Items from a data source
= Beginning of Section =

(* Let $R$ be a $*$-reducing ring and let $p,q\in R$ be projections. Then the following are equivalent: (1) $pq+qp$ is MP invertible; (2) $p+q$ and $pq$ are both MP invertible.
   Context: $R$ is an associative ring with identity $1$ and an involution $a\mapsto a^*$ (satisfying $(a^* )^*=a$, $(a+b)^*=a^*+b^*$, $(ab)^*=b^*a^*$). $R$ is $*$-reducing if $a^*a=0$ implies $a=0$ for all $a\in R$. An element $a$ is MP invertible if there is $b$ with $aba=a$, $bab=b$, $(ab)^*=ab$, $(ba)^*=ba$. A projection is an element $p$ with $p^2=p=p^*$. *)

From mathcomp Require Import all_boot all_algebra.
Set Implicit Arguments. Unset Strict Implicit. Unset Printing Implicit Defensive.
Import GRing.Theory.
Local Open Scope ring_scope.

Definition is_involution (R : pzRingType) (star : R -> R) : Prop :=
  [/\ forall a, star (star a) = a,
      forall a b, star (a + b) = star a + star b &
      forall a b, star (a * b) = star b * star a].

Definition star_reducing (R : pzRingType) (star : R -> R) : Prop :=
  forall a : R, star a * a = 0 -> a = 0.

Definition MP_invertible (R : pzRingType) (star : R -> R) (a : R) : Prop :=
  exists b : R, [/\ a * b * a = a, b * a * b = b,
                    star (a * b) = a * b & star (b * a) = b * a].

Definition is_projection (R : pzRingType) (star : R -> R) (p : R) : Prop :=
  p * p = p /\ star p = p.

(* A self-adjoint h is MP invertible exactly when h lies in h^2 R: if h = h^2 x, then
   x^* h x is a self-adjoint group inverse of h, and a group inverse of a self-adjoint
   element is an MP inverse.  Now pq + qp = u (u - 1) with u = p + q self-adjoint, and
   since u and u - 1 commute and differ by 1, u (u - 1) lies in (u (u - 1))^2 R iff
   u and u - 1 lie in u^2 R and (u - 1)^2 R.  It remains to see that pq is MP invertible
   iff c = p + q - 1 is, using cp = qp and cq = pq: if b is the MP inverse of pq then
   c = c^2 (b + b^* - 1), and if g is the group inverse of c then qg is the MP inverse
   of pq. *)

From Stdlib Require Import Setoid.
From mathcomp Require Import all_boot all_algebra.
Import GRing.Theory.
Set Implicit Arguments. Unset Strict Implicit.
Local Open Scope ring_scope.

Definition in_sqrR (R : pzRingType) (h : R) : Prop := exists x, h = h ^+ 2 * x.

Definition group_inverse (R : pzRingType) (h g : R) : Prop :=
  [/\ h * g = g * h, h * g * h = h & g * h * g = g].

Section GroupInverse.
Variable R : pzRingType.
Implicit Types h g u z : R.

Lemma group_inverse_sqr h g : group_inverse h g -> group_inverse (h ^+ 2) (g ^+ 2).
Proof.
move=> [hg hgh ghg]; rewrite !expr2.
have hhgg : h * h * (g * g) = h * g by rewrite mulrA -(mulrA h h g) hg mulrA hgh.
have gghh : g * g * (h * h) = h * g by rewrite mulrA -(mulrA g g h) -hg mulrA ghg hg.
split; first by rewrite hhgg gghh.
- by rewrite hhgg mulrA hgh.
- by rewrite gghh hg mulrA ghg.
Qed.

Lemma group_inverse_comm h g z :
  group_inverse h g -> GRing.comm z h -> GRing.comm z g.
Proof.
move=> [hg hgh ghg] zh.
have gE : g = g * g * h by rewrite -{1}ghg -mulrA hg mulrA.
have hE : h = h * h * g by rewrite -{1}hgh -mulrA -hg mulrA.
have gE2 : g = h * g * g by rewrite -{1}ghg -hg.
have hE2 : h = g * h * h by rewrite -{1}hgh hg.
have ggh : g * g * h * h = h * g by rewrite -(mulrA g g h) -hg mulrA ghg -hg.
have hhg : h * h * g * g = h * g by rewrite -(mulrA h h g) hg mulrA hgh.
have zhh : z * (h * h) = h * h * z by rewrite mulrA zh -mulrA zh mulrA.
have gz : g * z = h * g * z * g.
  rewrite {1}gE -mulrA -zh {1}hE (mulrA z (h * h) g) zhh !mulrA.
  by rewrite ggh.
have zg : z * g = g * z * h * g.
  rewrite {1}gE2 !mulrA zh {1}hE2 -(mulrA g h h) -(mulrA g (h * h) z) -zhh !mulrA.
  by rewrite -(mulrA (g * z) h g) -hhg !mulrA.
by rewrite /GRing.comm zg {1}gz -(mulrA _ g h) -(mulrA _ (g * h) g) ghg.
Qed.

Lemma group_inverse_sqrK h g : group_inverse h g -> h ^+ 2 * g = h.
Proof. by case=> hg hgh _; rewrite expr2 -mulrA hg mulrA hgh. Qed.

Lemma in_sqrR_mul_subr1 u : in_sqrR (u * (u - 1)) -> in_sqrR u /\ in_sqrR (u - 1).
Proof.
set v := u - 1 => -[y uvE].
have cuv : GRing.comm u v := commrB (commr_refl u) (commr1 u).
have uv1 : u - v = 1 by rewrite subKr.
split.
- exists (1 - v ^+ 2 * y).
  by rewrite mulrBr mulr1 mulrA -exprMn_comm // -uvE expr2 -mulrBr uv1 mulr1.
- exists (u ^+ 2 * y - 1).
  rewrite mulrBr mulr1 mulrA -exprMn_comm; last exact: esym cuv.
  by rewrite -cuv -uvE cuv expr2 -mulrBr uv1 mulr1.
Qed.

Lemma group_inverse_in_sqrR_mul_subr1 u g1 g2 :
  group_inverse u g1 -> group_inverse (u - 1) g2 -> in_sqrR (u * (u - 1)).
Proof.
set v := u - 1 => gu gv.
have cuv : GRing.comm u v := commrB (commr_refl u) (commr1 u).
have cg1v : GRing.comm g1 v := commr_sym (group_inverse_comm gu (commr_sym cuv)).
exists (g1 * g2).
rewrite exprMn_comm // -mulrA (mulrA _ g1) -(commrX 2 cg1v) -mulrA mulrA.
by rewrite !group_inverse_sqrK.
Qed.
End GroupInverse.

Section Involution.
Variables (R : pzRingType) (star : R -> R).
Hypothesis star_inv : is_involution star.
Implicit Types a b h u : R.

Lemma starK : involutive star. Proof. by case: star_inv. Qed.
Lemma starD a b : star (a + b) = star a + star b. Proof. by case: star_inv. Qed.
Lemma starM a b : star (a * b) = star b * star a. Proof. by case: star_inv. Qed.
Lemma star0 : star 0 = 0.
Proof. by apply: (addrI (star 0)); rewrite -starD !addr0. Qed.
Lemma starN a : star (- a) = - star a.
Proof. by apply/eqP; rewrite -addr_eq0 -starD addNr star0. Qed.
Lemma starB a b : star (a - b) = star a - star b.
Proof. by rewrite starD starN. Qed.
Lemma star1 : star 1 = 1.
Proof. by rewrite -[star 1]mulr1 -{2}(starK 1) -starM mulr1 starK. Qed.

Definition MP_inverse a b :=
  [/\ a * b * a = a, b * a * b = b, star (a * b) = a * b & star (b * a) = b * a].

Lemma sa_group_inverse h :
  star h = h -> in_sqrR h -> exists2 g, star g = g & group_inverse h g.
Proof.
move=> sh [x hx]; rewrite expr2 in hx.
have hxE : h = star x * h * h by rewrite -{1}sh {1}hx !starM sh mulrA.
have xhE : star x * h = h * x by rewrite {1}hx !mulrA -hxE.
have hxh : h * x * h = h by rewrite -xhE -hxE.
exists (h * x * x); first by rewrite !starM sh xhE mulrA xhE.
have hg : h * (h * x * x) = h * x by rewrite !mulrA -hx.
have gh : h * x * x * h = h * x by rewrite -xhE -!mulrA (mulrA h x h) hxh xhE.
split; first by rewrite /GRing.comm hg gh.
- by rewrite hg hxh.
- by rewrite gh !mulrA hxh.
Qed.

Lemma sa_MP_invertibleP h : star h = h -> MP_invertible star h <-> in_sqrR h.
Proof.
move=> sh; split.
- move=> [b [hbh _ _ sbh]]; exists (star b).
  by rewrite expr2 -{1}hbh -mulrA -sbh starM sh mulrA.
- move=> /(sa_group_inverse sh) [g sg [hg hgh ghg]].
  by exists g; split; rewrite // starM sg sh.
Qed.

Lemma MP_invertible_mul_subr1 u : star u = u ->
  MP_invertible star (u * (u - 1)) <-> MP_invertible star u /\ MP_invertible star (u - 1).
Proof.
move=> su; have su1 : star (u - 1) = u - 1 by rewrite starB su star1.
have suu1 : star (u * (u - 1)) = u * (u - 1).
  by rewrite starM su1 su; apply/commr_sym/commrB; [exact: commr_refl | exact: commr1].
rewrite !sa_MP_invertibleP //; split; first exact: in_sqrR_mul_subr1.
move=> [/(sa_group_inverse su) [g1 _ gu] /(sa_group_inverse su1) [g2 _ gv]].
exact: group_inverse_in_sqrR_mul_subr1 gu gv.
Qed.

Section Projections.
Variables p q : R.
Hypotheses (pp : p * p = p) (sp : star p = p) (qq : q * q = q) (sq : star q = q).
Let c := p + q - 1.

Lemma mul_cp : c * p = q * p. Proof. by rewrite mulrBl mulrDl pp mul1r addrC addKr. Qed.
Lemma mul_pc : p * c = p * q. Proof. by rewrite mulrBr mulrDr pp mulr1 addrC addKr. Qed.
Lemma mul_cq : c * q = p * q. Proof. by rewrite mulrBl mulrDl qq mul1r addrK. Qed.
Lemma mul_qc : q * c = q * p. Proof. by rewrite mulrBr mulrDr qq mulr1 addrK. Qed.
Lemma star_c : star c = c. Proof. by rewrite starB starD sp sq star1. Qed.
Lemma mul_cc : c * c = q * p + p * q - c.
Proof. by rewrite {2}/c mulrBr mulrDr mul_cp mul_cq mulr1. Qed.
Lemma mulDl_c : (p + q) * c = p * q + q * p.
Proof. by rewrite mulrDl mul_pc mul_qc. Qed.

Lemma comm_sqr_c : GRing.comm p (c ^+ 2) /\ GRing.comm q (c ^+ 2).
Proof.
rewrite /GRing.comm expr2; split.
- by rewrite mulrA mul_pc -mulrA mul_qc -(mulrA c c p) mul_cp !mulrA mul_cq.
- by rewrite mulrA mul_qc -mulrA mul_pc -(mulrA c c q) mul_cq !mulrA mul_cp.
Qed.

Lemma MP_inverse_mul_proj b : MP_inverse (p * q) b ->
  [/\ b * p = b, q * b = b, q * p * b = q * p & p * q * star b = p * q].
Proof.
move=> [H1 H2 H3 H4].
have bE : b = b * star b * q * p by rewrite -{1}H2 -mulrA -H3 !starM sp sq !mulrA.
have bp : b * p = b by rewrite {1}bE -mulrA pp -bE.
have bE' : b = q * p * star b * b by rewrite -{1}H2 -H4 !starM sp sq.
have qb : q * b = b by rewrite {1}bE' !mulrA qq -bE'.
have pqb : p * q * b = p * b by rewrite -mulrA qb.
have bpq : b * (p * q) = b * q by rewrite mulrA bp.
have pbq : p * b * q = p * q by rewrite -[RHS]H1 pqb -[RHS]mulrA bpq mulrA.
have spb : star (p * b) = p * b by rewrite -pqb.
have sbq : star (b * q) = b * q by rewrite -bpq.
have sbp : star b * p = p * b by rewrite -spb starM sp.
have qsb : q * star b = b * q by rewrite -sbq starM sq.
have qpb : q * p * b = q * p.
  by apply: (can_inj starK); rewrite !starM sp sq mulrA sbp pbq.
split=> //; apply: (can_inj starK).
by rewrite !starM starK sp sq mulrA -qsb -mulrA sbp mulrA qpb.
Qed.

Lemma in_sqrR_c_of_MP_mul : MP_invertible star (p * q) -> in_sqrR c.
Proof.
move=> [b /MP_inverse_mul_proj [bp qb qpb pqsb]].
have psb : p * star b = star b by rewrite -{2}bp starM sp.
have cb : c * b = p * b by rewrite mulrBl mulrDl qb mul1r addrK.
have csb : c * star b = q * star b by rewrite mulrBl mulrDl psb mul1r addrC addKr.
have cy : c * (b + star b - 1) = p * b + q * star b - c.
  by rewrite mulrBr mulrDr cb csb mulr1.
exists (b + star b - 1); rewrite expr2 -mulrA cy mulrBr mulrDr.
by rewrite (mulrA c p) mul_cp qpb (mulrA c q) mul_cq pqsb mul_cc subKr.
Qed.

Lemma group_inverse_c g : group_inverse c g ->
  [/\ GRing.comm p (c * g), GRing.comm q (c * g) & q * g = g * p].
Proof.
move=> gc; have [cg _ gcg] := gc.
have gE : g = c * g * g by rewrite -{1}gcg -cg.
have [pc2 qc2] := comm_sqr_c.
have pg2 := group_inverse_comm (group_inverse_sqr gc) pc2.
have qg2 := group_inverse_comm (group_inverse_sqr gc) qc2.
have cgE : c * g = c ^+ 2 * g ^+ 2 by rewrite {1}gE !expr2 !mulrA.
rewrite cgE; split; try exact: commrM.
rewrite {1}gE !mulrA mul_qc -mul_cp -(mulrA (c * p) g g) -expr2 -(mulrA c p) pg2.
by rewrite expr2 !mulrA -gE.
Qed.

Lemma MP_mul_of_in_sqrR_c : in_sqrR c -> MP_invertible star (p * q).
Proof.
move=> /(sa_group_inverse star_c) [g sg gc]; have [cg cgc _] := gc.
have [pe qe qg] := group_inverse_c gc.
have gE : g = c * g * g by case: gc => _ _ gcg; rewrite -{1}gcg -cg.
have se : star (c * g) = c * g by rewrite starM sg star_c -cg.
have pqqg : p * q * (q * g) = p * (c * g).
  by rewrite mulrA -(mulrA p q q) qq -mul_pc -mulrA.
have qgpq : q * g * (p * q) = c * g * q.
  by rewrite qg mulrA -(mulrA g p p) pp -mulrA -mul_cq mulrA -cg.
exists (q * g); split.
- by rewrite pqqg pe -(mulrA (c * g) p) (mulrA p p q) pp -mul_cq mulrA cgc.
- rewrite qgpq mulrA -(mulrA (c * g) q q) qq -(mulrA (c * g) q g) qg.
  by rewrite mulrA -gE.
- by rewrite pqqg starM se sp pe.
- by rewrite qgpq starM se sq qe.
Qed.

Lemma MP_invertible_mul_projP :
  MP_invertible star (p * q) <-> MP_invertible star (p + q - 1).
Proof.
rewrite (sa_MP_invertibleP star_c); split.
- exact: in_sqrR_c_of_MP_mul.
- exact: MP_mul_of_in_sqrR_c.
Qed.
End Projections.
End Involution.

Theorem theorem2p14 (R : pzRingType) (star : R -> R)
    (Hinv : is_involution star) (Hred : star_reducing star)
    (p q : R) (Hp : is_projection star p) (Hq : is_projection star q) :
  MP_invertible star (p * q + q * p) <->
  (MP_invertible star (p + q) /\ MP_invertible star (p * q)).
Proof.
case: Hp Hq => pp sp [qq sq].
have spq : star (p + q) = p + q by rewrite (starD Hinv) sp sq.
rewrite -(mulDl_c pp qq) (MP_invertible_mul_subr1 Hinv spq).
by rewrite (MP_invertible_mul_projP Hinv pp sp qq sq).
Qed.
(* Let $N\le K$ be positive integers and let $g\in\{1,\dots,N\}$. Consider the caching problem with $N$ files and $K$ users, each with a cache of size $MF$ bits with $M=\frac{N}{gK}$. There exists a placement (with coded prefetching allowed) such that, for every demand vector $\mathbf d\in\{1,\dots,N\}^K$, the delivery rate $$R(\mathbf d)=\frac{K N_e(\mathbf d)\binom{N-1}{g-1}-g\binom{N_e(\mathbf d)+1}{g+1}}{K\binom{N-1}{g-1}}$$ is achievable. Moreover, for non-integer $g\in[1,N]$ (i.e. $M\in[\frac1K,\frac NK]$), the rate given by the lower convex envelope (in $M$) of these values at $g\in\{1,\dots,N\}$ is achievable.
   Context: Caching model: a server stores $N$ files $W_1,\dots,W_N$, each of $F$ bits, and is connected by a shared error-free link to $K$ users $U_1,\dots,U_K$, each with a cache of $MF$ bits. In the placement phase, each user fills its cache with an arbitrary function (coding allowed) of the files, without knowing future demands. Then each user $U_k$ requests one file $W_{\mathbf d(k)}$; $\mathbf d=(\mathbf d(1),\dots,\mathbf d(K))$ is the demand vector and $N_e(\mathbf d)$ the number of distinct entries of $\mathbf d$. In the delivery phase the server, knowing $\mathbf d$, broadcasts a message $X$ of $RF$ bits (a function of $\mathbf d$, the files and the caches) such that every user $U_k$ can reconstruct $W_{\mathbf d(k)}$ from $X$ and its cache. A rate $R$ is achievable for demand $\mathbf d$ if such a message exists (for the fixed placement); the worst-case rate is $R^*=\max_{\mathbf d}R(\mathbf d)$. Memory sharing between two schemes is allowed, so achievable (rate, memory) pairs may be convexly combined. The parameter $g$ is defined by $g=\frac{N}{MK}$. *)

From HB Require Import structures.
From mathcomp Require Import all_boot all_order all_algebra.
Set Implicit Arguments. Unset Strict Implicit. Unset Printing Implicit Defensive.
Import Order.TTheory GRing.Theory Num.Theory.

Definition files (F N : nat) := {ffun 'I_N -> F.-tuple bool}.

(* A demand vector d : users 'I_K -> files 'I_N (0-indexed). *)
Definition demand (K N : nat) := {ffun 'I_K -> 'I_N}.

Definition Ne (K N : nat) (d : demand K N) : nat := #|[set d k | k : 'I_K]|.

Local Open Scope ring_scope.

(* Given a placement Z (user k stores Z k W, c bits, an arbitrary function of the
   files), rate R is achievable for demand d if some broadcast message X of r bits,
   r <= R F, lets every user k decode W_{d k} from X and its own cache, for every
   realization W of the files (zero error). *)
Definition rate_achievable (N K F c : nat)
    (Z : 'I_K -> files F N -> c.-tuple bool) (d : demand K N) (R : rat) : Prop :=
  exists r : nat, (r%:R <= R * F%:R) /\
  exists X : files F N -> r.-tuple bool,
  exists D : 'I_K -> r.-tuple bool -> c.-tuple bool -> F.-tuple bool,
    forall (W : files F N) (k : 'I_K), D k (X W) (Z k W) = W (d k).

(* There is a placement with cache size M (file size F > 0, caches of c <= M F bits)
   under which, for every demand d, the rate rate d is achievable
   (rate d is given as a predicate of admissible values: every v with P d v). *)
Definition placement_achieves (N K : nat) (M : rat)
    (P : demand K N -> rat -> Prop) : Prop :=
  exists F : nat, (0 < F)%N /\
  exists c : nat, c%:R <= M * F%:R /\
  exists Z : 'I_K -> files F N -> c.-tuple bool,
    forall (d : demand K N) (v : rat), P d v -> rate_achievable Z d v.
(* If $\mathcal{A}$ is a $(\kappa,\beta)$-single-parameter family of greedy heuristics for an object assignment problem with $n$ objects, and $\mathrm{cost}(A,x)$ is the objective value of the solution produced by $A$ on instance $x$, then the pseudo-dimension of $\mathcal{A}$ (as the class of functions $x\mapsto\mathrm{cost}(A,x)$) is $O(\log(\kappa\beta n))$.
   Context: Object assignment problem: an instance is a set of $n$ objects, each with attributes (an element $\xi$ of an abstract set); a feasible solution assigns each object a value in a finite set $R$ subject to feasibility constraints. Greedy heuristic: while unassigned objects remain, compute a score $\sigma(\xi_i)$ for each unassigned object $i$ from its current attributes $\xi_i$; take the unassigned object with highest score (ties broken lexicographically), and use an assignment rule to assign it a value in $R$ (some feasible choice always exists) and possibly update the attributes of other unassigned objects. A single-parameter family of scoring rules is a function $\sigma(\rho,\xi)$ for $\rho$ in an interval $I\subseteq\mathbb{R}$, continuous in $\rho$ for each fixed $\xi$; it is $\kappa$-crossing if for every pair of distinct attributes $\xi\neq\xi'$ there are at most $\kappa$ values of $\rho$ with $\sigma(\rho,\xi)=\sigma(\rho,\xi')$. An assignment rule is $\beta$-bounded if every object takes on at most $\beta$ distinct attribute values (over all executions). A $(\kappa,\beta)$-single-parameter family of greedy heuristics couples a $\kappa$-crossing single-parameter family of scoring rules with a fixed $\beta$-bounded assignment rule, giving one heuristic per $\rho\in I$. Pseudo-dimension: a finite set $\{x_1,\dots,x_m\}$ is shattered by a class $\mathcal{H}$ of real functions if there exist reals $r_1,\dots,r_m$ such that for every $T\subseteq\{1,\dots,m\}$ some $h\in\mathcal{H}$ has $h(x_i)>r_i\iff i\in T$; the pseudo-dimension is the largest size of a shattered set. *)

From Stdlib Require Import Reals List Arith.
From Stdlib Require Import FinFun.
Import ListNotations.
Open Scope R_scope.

= End of Section =

Exercise:
The entries above hold a line with "(* A self-adjoint" and a later line with "have zg : z * g = g * z * h * g.". Write out exactly those lines and all lines between, nothing more.

Expected answer:
(* A self-adjoint h is MP invertible exactly when h lies in h^2 R: if h = h^2 x, then
   x^* h x is a self-adjoint group inverse of h, and a group inverse of a self-adjoint
   element is an MP inverse.  Now pq + qp = u (u - 1) with u = p + q self-adjoint, and
   since u and u - 1 commute and differ by 1, u (u - 1) lies in (u (u - 1))^2 R iff
   u and u - 1 lie in u^2 R and (u - 1)^2 R.  It remains to see that pq is MP invertible
   iff c = p + q - 1 is, using cp = qp and cq = pq: if b is the MP inverse of pq then
   c = c^2 (b + b^* - 1), and if g is the group inverse of c then qg is the MP inverse
   of pq. *)

From Stdlib Require Import Setoid.
From mathcomp Require Import all_boot all_algebra.
Import GRing.Theory.
Set Implicit Arguments. Unset Strict Implicit.
Local Open Scope ring_scope.

Definition in_sqrR (R : pzRingType) (h : R) : Prop := exists x, h = h ^+ 2 * x.

Definition group_inverse (R : pzRingType) (h g : R) : Prop :=
  [/\ h * g = g * h, h * g * h = h & g * h * g = g].

Section GroupInverse.
Variable R : pzRingType.
Implicit Types h g u z : R.

Lemma group_inverse_sqr h g : group_inverse h g -> group_inverse (h ^+ 2) (g ^+ 2).
Proof.
move=> [hg hgh ghg]; rewrite !expr2.
have hhgg : h * h * (g * g) = h * g by rewrite mulrA -(mulrA h h g) hg mulrA hgh.
have gghh : g * g * (h * h) = h * g by rewrite mulrA -(mulrA g g h) -hg mulrA ghg hg.
split; first by rewrite hhgg gghh.
- by rewrite hhgg mulrA hgh.
- by rewrite gghh hg mulrA ghg.
Qed.

Lemma group_inverse_comm h g z :
  group_inverse h g -> GRing.comm z h -> GRing.comm z g.
Proof.
move=> [hg hgh ghg] zh.
have gE : g = g * g * h by rewrite -{1}ghg -mulrA hg mulrA.
have hE : h = h * h * g by rewrite -{1}hgh -mulrA -hg mulrA.
have gE2 : g = h * g * g by rewrite -{1}ghg -hg.
have hE2 : h = g * h * h by rewrite -{1}hgh hg.
have ggh : g * g * h * h = h * g by rewrite -(mulrA g g h) -hg mulrA ghg -hg.
have hhg : h * h * g * g = h * g by rewrite -(mulrA h h g) hg mulrA hgh.
have zhh : z * (h * h) = h * h * z by rewrite mulrA zh -mulrA zh mulrA.
have gz : g * z = h * g * z * g.
  rewrite {1}gE -mulrA -zh {1}hE (mulrA z (h * h) g) zhh !mulrA.
  by rewrite ggh.
have zg : z * g = g * z * h * g.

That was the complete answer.